• Exercise goal: In the entries that follow, the first line to write out is the one containing "by apply: IHs", and the last is the one containing "move: xs_uniq =>". Reproduce that stretch exactly, with nothing before or after it.

• Records to process:
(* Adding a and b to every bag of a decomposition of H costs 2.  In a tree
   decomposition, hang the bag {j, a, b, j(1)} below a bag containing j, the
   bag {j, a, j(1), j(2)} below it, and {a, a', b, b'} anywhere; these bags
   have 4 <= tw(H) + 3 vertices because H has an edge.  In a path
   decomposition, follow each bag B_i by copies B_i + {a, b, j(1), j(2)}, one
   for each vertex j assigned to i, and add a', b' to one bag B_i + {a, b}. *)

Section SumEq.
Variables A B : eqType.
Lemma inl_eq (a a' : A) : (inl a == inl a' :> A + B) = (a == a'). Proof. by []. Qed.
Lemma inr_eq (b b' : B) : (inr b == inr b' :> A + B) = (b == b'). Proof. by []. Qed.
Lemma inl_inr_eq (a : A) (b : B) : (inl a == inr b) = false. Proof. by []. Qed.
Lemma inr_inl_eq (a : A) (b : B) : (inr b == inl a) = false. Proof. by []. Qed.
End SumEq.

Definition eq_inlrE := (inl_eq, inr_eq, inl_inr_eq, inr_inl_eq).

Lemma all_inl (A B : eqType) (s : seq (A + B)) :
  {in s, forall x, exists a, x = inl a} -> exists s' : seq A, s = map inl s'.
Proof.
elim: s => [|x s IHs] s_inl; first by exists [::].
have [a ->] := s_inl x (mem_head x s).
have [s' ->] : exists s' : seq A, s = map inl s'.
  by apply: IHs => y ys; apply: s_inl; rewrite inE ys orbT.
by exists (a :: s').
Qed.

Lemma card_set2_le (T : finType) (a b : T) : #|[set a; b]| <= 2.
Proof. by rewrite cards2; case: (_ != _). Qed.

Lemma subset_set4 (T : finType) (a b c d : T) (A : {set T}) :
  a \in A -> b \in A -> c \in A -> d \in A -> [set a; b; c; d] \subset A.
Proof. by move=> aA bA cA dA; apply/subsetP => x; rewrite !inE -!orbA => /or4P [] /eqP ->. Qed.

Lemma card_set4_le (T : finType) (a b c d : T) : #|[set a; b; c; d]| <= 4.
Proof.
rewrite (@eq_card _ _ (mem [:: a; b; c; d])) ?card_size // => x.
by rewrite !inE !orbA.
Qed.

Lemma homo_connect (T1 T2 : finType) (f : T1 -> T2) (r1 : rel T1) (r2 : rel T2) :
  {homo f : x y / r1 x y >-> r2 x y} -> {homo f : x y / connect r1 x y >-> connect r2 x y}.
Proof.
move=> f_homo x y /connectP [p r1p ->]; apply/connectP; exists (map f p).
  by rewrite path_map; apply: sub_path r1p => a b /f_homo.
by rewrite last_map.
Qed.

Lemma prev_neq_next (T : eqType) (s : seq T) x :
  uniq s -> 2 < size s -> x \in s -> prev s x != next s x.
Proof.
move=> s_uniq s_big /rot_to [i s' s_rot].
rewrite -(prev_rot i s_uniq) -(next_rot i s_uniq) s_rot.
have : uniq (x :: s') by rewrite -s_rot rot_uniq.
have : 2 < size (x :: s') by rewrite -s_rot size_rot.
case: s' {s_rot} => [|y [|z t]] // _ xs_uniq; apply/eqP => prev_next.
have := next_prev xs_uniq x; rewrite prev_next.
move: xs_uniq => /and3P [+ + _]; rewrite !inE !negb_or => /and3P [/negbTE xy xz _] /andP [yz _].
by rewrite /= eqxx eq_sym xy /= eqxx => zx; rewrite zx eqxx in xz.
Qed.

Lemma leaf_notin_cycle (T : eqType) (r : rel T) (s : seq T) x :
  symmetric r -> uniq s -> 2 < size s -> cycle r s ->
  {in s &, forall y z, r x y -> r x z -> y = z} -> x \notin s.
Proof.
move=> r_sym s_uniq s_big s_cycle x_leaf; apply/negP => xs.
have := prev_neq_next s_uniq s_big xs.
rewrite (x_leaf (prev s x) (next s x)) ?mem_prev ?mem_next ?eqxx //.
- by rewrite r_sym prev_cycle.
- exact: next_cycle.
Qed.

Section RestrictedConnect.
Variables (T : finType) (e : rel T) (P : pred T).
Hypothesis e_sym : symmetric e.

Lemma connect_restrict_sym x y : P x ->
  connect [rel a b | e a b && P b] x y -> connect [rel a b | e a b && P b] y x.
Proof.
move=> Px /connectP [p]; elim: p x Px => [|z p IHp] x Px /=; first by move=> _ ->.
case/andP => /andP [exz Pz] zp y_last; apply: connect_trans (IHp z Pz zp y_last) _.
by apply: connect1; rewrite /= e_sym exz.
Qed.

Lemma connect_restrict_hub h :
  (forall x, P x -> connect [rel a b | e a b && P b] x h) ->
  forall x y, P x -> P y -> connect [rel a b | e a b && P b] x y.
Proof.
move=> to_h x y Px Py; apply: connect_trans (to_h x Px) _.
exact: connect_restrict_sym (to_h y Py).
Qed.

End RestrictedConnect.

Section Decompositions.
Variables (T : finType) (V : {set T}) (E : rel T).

• Output for this task:
  by apply: IHs => y ys; apply: s_inl; rewrite inE ys orbT.
by exists (a :: s').
Qed.

Lemma card_set2_le (T : finType) (a b : T) : #|[set a; b]| <= 2.
Proof. by rewrite cards2; case: (_ != _). Qed.

Lemma subset_set4 (T : finType) (a b c d : T) (A : {set T}) :
  a \in A -> b \in A -> c \in A -> d \in A -> [set a; b; c; d] \subset A.
Proof. by move=> aA bA cA dA; apply/subsetP => x; rewrite !inE -!orbA => /or4P [] /eqP ->. Qed.

Lemma card_set4_le (T : finType) (a b c d : T) : #|[set a; b; c; d]| <= 4.
Proof.
rewrite (@eq_card _ _ (mem [:: a; b; c; d])) ?card_size // => x.
by rewrite !inE !orbA.
Qed.

Lemma homo_connect (T1 T2 : finType) (f : T1 -> T2) (r1 : rel T1) (r2 : rel T2) :
  {homo f : x y / r1 x y >-> r2 x y} -> {homo f : x y / connect r1 x y >-> connect r2 x y}.
Proof.
move=> f_homo x y /connectP [p r1p ->]; apply/connectP; exists (map f p).
  by rewrite path_map; apply: sub_path r1p => a b /f_homo.
by rewrite last_map.
Qed.

Lemma prev_neq_next (T : eqType) (s : seq T) x :
  uniq s -> 2 < size s -> x \in s -> prev s x != next s x.
Proof.
move=> s_uniq s_big /rot_to [i s' s_rot].
rewrite -(prev_rot i s_uniq) -(next_rot i s_uniq) s_rot.
have : uniq (x :: s') by rewrite -s_rot rot_uniq.
have : 2 < size (x :: s') by rewrite -s_rot size_rot.
case: s' {s_rot} => [|y [|z t]] // _ xs_uniq; apply/eqP => prev_next.
have := next_prev xs_uniq x; rewrite prev_next.
move: xs_uniq => /and3P [+ + _]; rewrite !inE !negb_or => /and3P [/negbTE xy xz _] /andP [yz _].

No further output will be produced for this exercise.